Last available viral load pretransition missing for 73 of 2126 (3.4%).
Twelve-month viral load missing for 114 of 2126 (5.4%); see Fig. 1 for participants’ status in case of missing 12-month viral load.
Twenty-four-month viral load missing for 222 of 2126 (10.4%); see Fig. 1 for participants’ status in case of missing 24-month viral load.
Last available viral load posttransition missing for 27 of 2126 (1.3%).
Not available in VICONEL. Among BCMCFL cohort participants with a pretransition viral load, adherence data missing 341 of 1614 (21.1%).
Not available in VICONEL. Among BCMCFL cohort participants with a 12-month viral load, adherence data missing 425 of 1584 (26.8%).
Not available in VICONEL. Among BCMCFL cohort participants with a 24-month viral load, adherence data missing 594 of 1522 (39%).

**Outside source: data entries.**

(* In the two-source model of the context, define the (randomized) query scheme in which, for every $t$, $Q_t$ depends only on $(U_t,X_t,S_t)$ and, given $U_t=u$ and $X_t=x$, $$P(Q_t=\{x\}\mid U_t=u,X_t=x)=\frac{\pi_t(x)}{p(x\mid u)},\qquad P(Q_t=\{A,B\}\mid U_t=u,X_t=x)=1-\frac{\pi_t(x)}{p(x\mid u)},$$ and $P(Q_t=\{\bar x\}\mid U_t=u,X_t=x)=0$ where $\bar x$ is the other source. (This is implementable since $U_t$ only involves $X_{F^-(t)}$ and $X_{t+1}$ and $\omega\ge1$.) Then for every $t$: the scheme is decodable; $P(|Q_t|=1)=\pi_t(A)+\pi_t(B)$, so $\mathbb E|Q_t|=2-\pi_t(A)-\pi_t(B)$; $I(U_t;Q_0,\dots,Q_t)=0$; and the privacy constraint $I(X_{\mathcal B_t};Q_0,\dots,Q_t)=0$ holds.
   Context: Model. There are $N=2$ sources, $\mathcal N=\{A,B\}$. The user's requests $X_t\in\{A,B\}$, $t\ge0$, form a time-homogeneous Markov chain with transition matrix $M$. Privacy modes $F_t\in\{\mathrm{ON},\mathrm{OFF}\}$ form a known sequence with $F_0=\mathrm{ON}$. Local randomness $S_0,S_1,\dots$ is mutually independent and independent of the requests. Queries $Q_t$ take values in $\{\{A\},\{B\},\{A,B\}\}$; decodability means $X_t\in Q_t$. Privacy: $I(X_{\mathcal B_t};Q_0,\dots,Q_t)=0$ with $\mathcal B_t=\{i\le t: F_i=\mathrm{ON}\}\cup\{i: i\ge t+1\}$. Notation. $F^-(t)=\max\{i\le t: F_i=\mathrm{ON}\}$, $U_t=(X_{F^-(t)},X_{t+1})$, $p(x\mid u)=P(X_t=x\mid U_t=u)$ (computable from powers of $M$), and $\pi_t(x)=\min_u p(x\mid u)$ over $u\in\{A,B\}^2$ with $P(U_t=u)>0$. *)

From HB Require Import structures.
From mathcomp Require Import all_boot.
From Stdlib Require Import Reals.

Set Implicit Arguments.
Unset Strict Implicit.
Unset Printing Implicit Defensive.

Definition src := bool.
Definition A : src := true.
Definition B : src := false.

(* Queries: Some x = {x}, None = {A,B}. *)
Definition query := option src.
Definition in_query (x : src) (q : query) : bool :=
  match q with Some y => y == x | None => true end.
Definition qsize (q : query) : nat :=
  match q with Some _ => 1 | None => 2 end.

Definition rsum (T : finType) (f : T -> R) : R := \big[Rplus/0%R]_(i : T) f i.

Definition pathprob (mu : src -> R) (M : src -> src -> R) (m : nat)
  (x : (m.+1).-tuple src) : R :=
  Rmult (mu (nth A x 0))
        (\big[Rmult/1%R]_(i < m) M (nth A x i) (nth A x i.+1)).

(* F^-(t) = max {i <= t : F_i = ON}  (with F_0 = ON) *)
Fixpoint Fminus (F : nat -> bool) (t : nat) : nat :=
  match t with
  | 0 => 0
  | t'.+1 => if F t'.+1 then t'.+1 else Fminus F t'
  end.

Definition Uof (F : nat -> bool) (t : nat) (x : seq src) : src * src :=
  (nth A x (Fminus F t), nth A x t.+1).

Definition PU mu M F (t : nat) (u : src * src) : R :=
  rsum (fun x : (t.+2).-tuple src =>
          if Uof F t x == u then pathprob mu M x else 0%R).

Definition PXU mu M F (t : nat) (x0 : src) (u : src * src) : R :=
  rsum (fun x : (t.+2).-tuple src =>
          if (Uof F t x == u) && (nth A x t == x0) then pathprob mu M x else 0%R).

Definition pcond mu M F t (x : src) (u : src * src) : R :=
  Rdiv (PXU mu M F t x u) (PU mu M F t u).

Definition all_u : seq (src * src) := [:: (A, A); (A, B); (B, A); (B, B)].

(* pi_t(x) = min over u with P(U_t = u) > 0 of p(x | u) *)
Definition pi_t mu M F t (x : src) : R :=
  match foldr (fun u acc =>
                 if Rlt_dec 0 (PU mu M F t u)
                 then Some (match acc with
                            | None => pcond mu M F t x u
                            | Some m => Rmin (pcond mu M F t x u) m end)
                 else acc) None all_u with
  | Some m => m
  | None => 0%R
  end.

Definition kern mu M F t (u : src * src) (x : src) (q : query) : R :=
  match q with
  | Some y => if y == x then Rdiv (pi_t mu M F t x) (pcond mu M F t x u) else 0%R
  | None => Rminus 1 (Rdiv (pi_t mu M F t x) (pcond mu M F t x u))
  end.

(* Joint outcome of (X_0..X_n) and (Q_0..Q_t); Q_s depends only on
   (U_s, X_s, S_s) with independent local randomness, so the joint law is
   the path probability times the product of the kernels. *)
Definition Omega (n t : nat) : finType :=
  ((n.+1).-tuple src * (t.+1).-tuple query)%type.

Definition Pjoint mu M F (n t : nat) (w : Omega n t) : R :=
  Rmult (pathprob mu M w.1)
        (\big[Rmult/1%R]_(s < t.+1)
            kern mu M F s (Uof F s w.1) (nth A w.1 s) (nth None w.2 s)).

Definition pr (T : finType) (P : T -> R) (E : pred T) : R :=
  rsum (fun w => if E w then P w else 0%R).
Definition expect (T : finType) (P : T -> R) (f : T -> R) : R :=
  rsum (fun w => Rmult (P w) (f w)).

(* mutual information I(f; g) under P (convention 0 log 0 = 0) *)
Definition MI (T T1 T2 : finType) (P : T -> R) (f : T -> T1) (g : T -> T2) : R :=
  rsum (fun a : T1 => rsum (fun b : T2 =>
    let pab := pr P (fun w => (f w == a) && (g w == b)) in
    let pa := pr P (fun w => f w == a) in
    let pb := pr P (fun w => g w == b) in
    if Rlt_dec 0 pab then Rmult pab (ln (Rdiv pab (Rmult pa pb))) else 0%R)).

Definition inB (F : nat -> bool) (t i : nat) : bool :=
  ((i <= t)%N && F i) || (t < i)%N.

(* X_{B_t} restricted to indices <= n (non-B coordinates masked out) *)
Definition XB (F : nat -> bool) (n t : nat) (x : (n.+1).-tuple src)
  : {ffun 'I_n.+1 -> option src} :=
  [ffun i : 'I_n.+1 => if inB F t i then Some (nth A x i) else None].

(* The proof is in three layers.
   - Generic finite sums over tuples, and the law of a Markov path: the
     marginalisation of trailing steps, and the "splicing" identity (two
     paths that agree at times m and e may exchange their segments between
     m and e without changing the product of their probabilities).
   - The one-step mixing identity: for every u with P(U_t = u) > 0,
     sum_x p(x|u) K_t(u,x,q) does not depend on u (it is the law
     [query_law] of Q_t).
   - The main induction on J: for every J <= n, the joint law of the
     coordinates visible at time J ("not OFF before J") and of Q_0..Q_{J-1}
     factorizes as (law of the visible coordinates) * prod_s query_law s.
     An ON step just reveals X_J, which determines U_J's first component;
     an OFF step hides X_J, and the splicing identity shows that X_J is
     independent of the visible coordinates given U_J.
   Taking J = t+1 gives independence of X_{B_t} and (Q_0..Q_t), hence both
   mutual informations vanish (U_t is a function of X_{B_t}); summing out the
   queries gives the law of Q_t and the decodability/size statements. *)

From HB Require Import structures.
From mathcomp Require Import all_boot.
From Stdlib Require Import Reals Lra Lia.
From mathcomp Require Import Rstruct zify.

Set Implicit Arguments.
Unset Strict Implicit.
Unset Printing Implicit Defensive.

Local Open Scope R_scope.

Section TupleSums.
Variable T : finType.

Definition tsum (k : nat) (f : seq T -> R) : R :=
  \big[Rplus/0]_(x : k.-tuple T) f x.

Lemma tsum0 (f : seq T -> R) : tsum 0 f = f [::].
Proof.
rewrite /tsum (eq_bigr (fun _ => f [::])); last by move=> x _; rewrite (tuple0 x).
by rewrite big_const card_tuple expn0 /=; lra.
Qed.

Lemma tsum_cons k (f : seq T -> R) :
  tsum k.+1 f = \big[Rplus/0]_(a : T) tsum k (fun s => f (a :: s)).
Proof.
rewrite /tsum (reindex (fun p : T * k.-tuple T => [tuple of p.1 :: p.2])) /=.
  by rewrite -(pair_bigA _ (fun a (s : k.-tuple T) => f (a :: s))).
exists (fun y : k.+1.-tuple T => (thead y, [tuple of behead y])).
  by move=> [a s] _; congr pair; apply: val_inj.
by move=> y _; apply: val_inj => /=; case: y => [[|a s] //= _].
Qed.

Lemma tsum_rcons k (f : seq T -> R) :
  tsum k.+1 f = tsum k (fun s => \big[Rplus/0]_(a : T) f (rcons s a)).
Proof.
rewrite /tsum (reindex (fun p : k.-tuple T * T => [tuple of rcons p.1 p.2])) /=.
  by rewrite -(pair_bigA _ (fun (s : k.-tuple T) a => f (rcons s a))).
exists (fun y : k.+1.-tuple T =>
          ([tuple of belast (thead y) (behead y)], last (thead y) (behead y))).
  move=> [[[|b s] Hs] a] _; congr pair => //=.
  - by apply: val_inj => /=.
  - by apply: val_inj; rewrite /= belast_rcons.
  - by rewrite last_rcons.
move=> y _; apply: val_inj => /=.
by rewrite -lastI; exact: (congr1 val (esym (tuple_eta y))).
Qed.

Lemma tsum_ext k (f g : seq T -> R) :
  (forall x, size x = k -> f x = g x) -> tsum k f = tsum k g.
Proof. by move=> H; apply: eq_bigr => x _; rewrite H // size_tuple. Qed.

Lemma tsum_le k (f g : seq T -> R) : (forall x, f x <= g x) -> tsum k f <= tsum k g.
Proof.
move=> H; apply: (big_ind2 (fun a b => a <= b)) => //; first lra.
by move=> *; lra.
Qed.

Lemma tsum_ge0 k (f : seq T -> R) : (forall x, 0 <= f x) -> 0 <= tsum k f.
Proof.
move=> H; apply: (big_ind (fun a => 0 <= a)) => //; first lra.
by move=> *; lra.
Qed.

Lemma tsumD k (f g : seq T -> R) : tsum k (fun x => f x + g x) = tsum k f + tsum k g.
Proof. by rewrite /tsum big_split. Qed.

Lemma tsumZ k (f : seq T -> R) c : tsum k (fun x => f x * c) = tsum k f * c.
Proof. by rewrite /tsum big_distrl. Qed.

Lemma tsumM k1 k2 (f g : seq T -> R) :
  tsum k1 f * tsum k2 g =
  \big[Rplus/0]_(p : k1.-tuple T * k2.-tuple T) (f p.1 * g p.2).
Proof.
rewrite /tsum big_distrl /=.
rewrite -(pair_bigA _ (fun (x : k1.-tuple T) (w : k2.-tuple T) => f x * g w)).
by apply: eq_bigr => x _; rewrite big_distrr.
Qed.

Lemma tsum_prod (d : T) k (f : nat -> T -> R) :
  \big[Rplus/0]_(b : k.-tuple T) \big[Rmult/1]_(s < k) f s (nth d b s) =
  \big[Rmult/1]_(s < k) \big[Rplus/0]_(q : T) f s q.
Proof.
elim: k f => [|k IH] f.
  have := tsum0 (fun b => \big[Rmult/1]_(s < 0) f s (nth d b s)).
  by rewrite /tsum => ->; rewrite !big_ord0.
have := tsum_cons k (fun b => \big[Rmult/1]_(s < k.+1) f s (nth d b s)).
rewrite /tsum => ->; rewrite big_ord_recl.
rewrite (eq_bigr (fun a => f 0%nat a * \big[Rplus/0]_(x : k.-tuple T)
                              \big[Rmult/1]_(s < k) f s.+1 (nth d x s))); last first.
  by move=> a _; rewrite big_distrr /=; apply: eq_bigr => x _; rewrite big_ord_recl.
rewrite -big_distrl /= (IH (fun s => f s.+1)); congr (_ * _).
Qed.

End TupleSums.

Lemma prod_if (N : nat) (c : nat -> bool) (a b : nat -> R) :
  \big[Rmult/1]_(i < N) (if c i then a i else b i) =
  \big[Rmult/1]_(i < N | c i) a i * \big[Rmult/1]_(i < N | ~~ c i) b i.
Proof.
rewrite (bigID (fun i : 'I_N => c i)) /=; congr (_ * _); apply: eq_bigr => i.
  by move=> ->.
by move/negPf=> ->.
Qed.

Lemma prod_window (N e m : nat) (f : nat -> R) : (e <= N)%nat ->
  \big[Rmult/1]_(i < N | (m <= i < e)%nat) f i =
  \big[Rmult/1]_(i < e | (m <= i < e)%nat) f i.
Proof.
move=> H; rewrite (big_ord_widen_cond N (fun i => (m <= i < e)%nat) f H).
by apply: eq_bigl => i /=; case H2: (m <= i < e)%nat => //=; case/andP: H2 => _ ->.
Qed.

At the pretransition viral load (<12 months before transition), 1635 of 1973 (82.9%) participants had viral suppression, 204 of 1973 (10.3%) low-level viraemia and 134 of 1973 (6.8%) virological failure, respectively. At the 12-month viral load, 1846 of 2012 (91.7%) participants had viral suppression, 117 of 2012 (5.8%) low-level viraemia and 49 of 2012 (2.4%) virological failure, respectively. At the 24-month viral load, 1725 of 1904 (90.6%) participants had viral suppression, 104 of 1904 (5.5%) low-level viraemia and 75 of 1904 (3.9%) virological failure, respectively. Out of 108 participants with virological failure pretransition (<12 months before transition) and available viral load results at 12 and 24 months, 87 (80.6%) and 97 (89.8%) were virally suppressed at 12 and 24 months, respectively. Viral load dynamics of participants with viral loads for all three time points (<12 months pretransition, 12-month and 24-month viral load, n = 1747) are shown in Fig. 2. Most participants were virally suppressed at all three time points (1297/1747, 74.2%).
Fig. 2.
Viral load dynamics of participants with an available viral load less than 12 months pretransition, 12 months after transition, and 24 months after transition to dolutegravir (n = 1747).
The shades of nodes indicate viral load categories at the respective time point. The shades of flows indicate the pretransition viral load category.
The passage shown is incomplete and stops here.